Task to carry out - Starting at the line that contains "End CyclicAveraging.", restate every line word for word through the end of the entries.

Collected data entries

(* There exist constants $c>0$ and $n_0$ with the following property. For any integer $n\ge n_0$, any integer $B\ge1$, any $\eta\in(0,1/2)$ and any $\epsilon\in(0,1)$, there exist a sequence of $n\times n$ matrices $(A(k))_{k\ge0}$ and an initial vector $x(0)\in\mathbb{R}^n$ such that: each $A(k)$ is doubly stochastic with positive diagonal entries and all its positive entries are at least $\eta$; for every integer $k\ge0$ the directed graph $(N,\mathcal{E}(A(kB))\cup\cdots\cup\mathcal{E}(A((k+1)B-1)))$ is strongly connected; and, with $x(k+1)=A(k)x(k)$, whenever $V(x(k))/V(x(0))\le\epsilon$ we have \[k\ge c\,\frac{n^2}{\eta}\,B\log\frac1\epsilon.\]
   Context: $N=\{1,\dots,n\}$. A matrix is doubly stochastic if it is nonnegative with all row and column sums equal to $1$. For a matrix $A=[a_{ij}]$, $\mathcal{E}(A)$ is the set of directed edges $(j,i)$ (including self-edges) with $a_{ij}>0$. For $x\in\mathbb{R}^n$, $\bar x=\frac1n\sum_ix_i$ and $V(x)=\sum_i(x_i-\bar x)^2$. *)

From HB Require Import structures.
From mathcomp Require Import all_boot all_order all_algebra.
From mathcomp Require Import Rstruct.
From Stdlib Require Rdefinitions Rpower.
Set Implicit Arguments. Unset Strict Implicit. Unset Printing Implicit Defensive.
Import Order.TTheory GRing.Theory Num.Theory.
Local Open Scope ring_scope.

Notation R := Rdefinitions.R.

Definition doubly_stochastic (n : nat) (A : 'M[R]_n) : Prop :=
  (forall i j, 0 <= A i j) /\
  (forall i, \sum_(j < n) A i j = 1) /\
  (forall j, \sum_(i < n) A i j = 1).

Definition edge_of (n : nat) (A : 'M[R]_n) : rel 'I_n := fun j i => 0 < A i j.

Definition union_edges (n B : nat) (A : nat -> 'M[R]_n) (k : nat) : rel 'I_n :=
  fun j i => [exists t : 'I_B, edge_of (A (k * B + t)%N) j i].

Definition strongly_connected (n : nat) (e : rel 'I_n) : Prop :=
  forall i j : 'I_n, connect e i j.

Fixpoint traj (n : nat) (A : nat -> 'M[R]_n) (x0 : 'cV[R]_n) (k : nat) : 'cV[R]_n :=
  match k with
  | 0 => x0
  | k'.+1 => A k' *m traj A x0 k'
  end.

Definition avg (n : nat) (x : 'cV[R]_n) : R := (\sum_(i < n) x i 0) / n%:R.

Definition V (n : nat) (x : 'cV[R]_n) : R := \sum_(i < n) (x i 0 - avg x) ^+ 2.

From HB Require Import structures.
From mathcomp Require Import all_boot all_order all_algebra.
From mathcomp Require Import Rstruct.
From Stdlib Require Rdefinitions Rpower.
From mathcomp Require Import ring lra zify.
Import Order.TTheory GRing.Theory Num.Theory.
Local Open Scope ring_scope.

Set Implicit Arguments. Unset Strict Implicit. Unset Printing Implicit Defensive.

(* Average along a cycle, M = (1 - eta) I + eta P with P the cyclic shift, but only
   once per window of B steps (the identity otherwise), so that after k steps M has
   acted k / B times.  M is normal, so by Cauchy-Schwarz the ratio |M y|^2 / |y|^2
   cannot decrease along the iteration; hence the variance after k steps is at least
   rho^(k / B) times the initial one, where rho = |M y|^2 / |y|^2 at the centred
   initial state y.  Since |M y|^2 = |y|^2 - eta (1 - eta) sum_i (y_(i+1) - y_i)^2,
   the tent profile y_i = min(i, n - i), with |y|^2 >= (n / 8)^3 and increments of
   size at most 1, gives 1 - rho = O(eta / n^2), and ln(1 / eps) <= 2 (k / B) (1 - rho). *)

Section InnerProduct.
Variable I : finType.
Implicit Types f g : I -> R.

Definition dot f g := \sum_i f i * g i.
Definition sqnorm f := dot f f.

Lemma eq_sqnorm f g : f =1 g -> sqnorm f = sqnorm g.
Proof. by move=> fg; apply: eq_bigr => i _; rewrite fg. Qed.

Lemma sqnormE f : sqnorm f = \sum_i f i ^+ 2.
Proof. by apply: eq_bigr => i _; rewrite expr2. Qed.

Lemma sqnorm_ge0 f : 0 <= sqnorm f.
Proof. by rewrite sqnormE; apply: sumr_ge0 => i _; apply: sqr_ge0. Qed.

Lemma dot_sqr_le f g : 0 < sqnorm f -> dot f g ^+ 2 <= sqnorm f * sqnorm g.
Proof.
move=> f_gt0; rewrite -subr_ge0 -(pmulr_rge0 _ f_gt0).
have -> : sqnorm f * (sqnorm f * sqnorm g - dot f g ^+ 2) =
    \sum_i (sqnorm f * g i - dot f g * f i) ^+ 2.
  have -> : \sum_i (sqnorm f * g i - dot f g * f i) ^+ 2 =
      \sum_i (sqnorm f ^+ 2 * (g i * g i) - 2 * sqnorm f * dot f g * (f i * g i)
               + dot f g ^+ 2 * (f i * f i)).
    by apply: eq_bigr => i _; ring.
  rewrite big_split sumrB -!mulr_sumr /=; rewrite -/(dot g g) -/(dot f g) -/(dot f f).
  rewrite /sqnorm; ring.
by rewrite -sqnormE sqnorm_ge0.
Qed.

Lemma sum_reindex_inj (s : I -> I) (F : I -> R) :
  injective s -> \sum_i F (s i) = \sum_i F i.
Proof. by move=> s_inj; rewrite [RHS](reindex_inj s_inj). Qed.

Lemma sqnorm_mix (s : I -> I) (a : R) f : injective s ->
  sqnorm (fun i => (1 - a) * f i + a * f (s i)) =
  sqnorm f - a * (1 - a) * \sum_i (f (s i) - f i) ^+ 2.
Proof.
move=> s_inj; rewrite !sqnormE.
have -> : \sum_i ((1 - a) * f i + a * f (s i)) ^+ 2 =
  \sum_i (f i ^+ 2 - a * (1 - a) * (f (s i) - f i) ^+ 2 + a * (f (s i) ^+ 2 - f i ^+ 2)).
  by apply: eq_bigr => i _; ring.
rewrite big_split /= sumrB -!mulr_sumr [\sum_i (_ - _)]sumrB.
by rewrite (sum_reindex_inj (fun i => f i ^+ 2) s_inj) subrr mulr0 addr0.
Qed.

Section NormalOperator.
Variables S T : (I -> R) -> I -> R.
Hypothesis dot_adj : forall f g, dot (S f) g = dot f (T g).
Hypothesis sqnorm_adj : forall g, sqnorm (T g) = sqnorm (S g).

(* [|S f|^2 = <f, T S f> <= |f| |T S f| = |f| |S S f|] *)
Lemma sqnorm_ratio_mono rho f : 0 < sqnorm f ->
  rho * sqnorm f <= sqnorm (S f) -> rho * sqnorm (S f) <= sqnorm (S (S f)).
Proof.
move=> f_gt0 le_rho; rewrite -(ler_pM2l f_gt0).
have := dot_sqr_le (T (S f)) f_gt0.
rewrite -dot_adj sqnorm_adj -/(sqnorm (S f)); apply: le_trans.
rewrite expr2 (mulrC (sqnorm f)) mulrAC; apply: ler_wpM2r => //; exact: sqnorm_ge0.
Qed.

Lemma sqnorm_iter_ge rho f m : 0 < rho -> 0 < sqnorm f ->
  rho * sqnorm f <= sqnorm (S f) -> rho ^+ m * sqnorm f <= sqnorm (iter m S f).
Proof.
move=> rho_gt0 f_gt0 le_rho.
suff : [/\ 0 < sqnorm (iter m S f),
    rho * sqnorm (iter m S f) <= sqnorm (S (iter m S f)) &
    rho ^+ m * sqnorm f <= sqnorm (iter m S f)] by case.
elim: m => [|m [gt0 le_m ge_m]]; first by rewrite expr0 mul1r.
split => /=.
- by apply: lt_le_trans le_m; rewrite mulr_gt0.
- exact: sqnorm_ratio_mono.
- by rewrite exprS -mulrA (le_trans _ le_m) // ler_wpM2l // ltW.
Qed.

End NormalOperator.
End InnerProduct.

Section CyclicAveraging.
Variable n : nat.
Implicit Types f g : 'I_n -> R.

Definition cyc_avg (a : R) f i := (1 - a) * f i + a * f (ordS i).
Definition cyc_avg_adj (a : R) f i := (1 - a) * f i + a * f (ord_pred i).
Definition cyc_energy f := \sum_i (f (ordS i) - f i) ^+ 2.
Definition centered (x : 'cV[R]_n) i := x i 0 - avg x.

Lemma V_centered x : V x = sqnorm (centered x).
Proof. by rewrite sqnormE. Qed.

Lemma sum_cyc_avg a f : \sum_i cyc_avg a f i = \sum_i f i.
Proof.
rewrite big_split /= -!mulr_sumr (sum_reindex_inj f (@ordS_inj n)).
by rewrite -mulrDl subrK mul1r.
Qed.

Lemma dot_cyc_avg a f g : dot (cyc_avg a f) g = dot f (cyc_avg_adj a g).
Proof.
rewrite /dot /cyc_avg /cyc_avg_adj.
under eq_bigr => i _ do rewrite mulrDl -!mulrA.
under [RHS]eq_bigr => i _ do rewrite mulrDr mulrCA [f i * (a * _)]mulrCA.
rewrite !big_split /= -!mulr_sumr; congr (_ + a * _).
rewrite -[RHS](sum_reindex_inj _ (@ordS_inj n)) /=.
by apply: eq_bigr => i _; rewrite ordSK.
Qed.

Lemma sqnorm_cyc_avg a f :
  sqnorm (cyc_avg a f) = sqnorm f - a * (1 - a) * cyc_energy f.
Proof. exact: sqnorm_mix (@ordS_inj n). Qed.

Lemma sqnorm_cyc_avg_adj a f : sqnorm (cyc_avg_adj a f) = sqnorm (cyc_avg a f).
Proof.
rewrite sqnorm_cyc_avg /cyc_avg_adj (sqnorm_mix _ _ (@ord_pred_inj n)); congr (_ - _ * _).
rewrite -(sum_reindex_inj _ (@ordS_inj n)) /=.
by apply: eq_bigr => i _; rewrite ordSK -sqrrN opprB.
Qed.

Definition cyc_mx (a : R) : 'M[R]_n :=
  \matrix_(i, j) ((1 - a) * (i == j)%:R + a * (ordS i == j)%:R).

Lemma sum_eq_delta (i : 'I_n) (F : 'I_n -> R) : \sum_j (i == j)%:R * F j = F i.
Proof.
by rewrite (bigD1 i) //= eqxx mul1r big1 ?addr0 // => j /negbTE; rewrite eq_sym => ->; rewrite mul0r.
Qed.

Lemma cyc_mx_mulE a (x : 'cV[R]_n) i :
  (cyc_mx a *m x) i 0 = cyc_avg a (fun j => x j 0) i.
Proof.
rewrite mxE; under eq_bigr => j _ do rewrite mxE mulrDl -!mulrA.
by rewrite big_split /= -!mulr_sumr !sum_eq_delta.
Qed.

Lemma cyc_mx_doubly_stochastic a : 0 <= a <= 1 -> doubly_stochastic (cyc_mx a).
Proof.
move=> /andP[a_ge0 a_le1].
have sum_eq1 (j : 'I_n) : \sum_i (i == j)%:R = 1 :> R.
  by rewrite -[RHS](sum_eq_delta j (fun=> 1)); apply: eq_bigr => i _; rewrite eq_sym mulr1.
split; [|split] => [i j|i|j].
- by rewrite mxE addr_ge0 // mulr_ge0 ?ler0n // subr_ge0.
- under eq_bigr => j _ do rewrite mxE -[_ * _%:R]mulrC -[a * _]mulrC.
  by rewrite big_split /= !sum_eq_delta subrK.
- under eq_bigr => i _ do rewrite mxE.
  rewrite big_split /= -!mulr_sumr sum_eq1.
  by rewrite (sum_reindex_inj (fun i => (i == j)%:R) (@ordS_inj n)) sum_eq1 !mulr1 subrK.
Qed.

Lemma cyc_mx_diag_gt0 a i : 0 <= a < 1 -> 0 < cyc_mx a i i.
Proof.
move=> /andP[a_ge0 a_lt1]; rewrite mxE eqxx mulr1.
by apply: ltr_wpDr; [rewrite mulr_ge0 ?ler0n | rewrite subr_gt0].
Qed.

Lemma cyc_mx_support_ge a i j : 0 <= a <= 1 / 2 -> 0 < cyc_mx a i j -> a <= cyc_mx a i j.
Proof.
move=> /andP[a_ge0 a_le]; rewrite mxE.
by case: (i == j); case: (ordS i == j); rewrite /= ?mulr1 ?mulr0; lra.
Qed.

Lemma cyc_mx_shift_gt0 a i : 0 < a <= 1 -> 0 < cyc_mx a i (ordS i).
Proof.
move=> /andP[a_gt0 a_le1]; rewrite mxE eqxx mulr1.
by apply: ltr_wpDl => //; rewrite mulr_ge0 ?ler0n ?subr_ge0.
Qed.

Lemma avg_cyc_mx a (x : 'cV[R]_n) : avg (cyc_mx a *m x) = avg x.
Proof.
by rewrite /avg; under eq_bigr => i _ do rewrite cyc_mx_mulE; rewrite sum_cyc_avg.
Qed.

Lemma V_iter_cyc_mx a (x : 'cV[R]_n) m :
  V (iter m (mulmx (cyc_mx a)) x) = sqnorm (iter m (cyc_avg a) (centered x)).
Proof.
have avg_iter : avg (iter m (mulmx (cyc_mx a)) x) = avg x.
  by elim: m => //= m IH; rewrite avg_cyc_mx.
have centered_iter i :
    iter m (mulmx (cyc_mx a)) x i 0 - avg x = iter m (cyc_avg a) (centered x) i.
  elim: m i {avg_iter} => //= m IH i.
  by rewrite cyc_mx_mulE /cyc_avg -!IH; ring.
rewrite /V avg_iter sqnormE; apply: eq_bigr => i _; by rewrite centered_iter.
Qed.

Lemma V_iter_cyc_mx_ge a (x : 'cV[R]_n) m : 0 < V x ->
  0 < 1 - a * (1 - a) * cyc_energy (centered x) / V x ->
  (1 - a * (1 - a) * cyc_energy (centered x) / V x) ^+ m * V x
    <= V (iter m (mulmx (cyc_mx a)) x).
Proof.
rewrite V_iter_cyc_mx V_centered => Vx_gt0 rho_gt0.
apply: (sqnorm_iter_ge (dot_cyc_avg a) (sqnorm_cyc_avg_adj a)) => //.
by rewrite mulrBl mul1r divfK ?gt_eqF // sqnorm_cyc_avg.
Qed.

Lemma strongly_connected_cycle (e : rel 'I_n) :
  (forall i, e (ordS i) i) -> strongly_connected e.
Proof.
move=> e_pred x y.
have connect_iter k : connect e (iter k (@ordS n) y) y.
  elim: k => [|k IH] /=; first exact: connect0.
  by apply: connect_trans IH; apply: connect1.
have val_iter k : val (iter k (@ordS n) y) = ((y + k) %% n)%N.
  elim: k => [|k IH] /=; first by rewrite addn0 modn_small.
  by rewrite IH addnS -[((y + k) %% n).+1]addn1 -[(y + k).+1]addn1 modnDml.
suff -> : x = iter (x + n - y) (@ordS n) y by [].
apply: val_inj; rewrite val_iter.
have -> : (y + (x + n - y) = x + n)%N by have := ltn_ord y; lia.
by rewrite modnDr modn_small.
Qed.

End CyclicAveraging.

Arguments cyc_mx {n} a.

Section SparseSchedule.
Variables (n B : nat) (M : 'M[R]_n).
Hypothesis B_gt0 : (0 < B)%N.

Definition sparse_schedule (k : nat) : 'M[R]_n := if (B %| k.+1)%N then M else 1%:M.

Worked solution -
End CyclicAveraging.

Arguments cyc_mx {n} a.

Section SparseSchedule.
Variables (n B : nat) (M : 'M[R]_n).
Hypothesis B_gt0 : (0 < B)%N.

Definition sparse_schedule (k : nat) : 'M[R]_n := if (B %| k.+1)%N then M else 1%:M.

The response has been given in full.